Boston-Massachusetts Lawyers Weekly featured prominently the comments (and a photo) of Ben Robbins, NELF’s Senior Staff Attorney, in a November 18 online article discussing the First Circuit’s recent favorable decision in Cunningham et al. v. Lyft.
(For those readers who have a subscription to MLW, the article can be found at
Lyft drivers must individually arbitrate misclassification claims
In that case, the First Circuit agreed with NELF’s position and ruled that Lyft’s drivers are not “engaged in interstate commerce” and therefore do not qualify for the Federal Arbitration Act’s narrow “transportation worker exemption,” which applies to “contracts of employment of seamen, railroad employees, or any other class of workers engaged in foreign or interstate commerce.” This means that Lyft’s drivers cannot bring a class action in court against Lyft, on their claim that they have been misclassified as independent contractors, rather than as employees. Instead, the drivers must abide by the terms of their arbitration agreements with Lyft and arbitrate that claim, on an individual basis only.

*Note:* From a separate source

(* For every locally consistent maximal P2P system $PS$, the set $MaxWM(PS)$ of maximal weak models of $PS$ is nonempty.
   Context: Peer atoms: a peer identifier is a positive integer; a peer atom is $i\!:\!p(t_1,\dots,t_k)$ with $i$ a peer identifier, $p$ a predicate and $t_j$ terms; $i\!:\!p$ is a peer predicate. A literal is an atom $A$ or its negation-as-failure $not\ A$. Built-in atoms are $X\,\theta\,Y$ with $\theta\in\{<,>,\le,\ge,=,\neq\}$. Rules (all safe): a standard rule $H\leftarrow \mathcal B$ with $H$ a peer atom and $\mathcal B$ a conjunction of peer literals and built-ins; an integrity constraint $\leftarrow \mathcal B$; a maximal mapping rule $i\!:\!h(X) \leftharpoonup j\!:\!(p_1(X_1),\dots,p_m(X_m),\varphi)$ with $i\neq j$; a minimal mapping rule, identical but written with $\leftharpoondown$. A peer $P_i=\langle D_i,LP_i,MP_i,IC_i\rangle$ consists of a finite set $D_i$ of ground atoms with identifier $i$, a finite set $LP_i$ of standard rules all of whose atoms have identifier $i$, a finite set $MP_i$ of mapping rules with head identifier $i$, and a finite set $IC_i$ of integrity constraints over atoms with identifier $i$. A P2P system is a set $PS=\{P_1,\dots,P_n\}$ of peers in which every source identifier of a mapping rule lies in $[1..n]$; $D,LP,MP,IC$ are the unions of the components, and $PS$ is identified with $D\cup LP\cup MP\cup IC$. A maximal P2P system is one all of whose mapping rules are maximal. A predicate is derived if it heads a standard rule, a mapping predicate if it heads a mapping rule, base otherwise; each predicate has exactly one type and each mapping predicate heads exactly one mapping rule. Semantics: an interpretation is a set of ground peer atoms; $A$ true iff $A\in M$, $not\ A$ true iff $A\notin M$; a standard rule is satisfied iff its body is false or its head true; a constraint iff its body is false. $MM(\Pi)$ is the set of inclusion-minimal models of a program $\Pi$. The stable models $SM(\Pi)$ of a program $\Pi$ are the interpretations $M$ that are the minimal model of the Gelfond–Lifschitz reduct $\Pi^M$ (remove from $ground(\Pi)$ rules containing $not\ A$ with $A\in M$, then delete all negative literals). A peer $P_i$ is locally consistent if $SM(D_i\cup LP_i\cup IC_i)\neq\emptyset$; a P2P system is locally consistent if all its peers are. $St(r)$ turns a mapping rule with head $H$ and body $\mathcal B$ into $H\leftarrow\mathcal B$. An interpretation $M$ is a weak model of $PS$ if $\{M\}=MM(St(PS^M))$, where $PS^M$ is obtained from $ground(PS)$ by removing every rule whose body contains $not\ A$ with $A\in M$, deleting negative literals from the remaining rules, and removing every ground mapping rule whose head is not in $M$. $M[MP]$ is the set of atoms of $M$ with a mapping predicate. For weak models, $M\sqsupseteq_{Max}N$ iff $M[MP]\supseteq N[MP]$, and $M\sqsupset_{Max}N$ iff $M\sqsupseteq_{Max}N$ and not $N\sqsupseteq_{Max}M$. A weak model $M$ is maximal if there is no weak model $N$ with $N\sqsupset_{Max}M$; $MaxWM(PS)$ is the set of maximal weak models. *)

From Stdlib Require Import List Arith.
Import ListNotations.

In the article,
Ben emphasized NELF’s position, as stated in its brief, that Lyft drivers are merely the modern-day equivalent of the local cab driver, and that the U.S. Supreme Court has long held that such drivers are not involved in interstate commerce when they drive passengers to and from their local destinations. Ben also explained in the article that NELF’s position, and the Court’s decision, merely treat Lyft drivers the same as all other workers who are subject to arbitration agreements governed by the FAA (other than those narrow categories of workers who qualify as true “transportation workers” under the FAA exemption).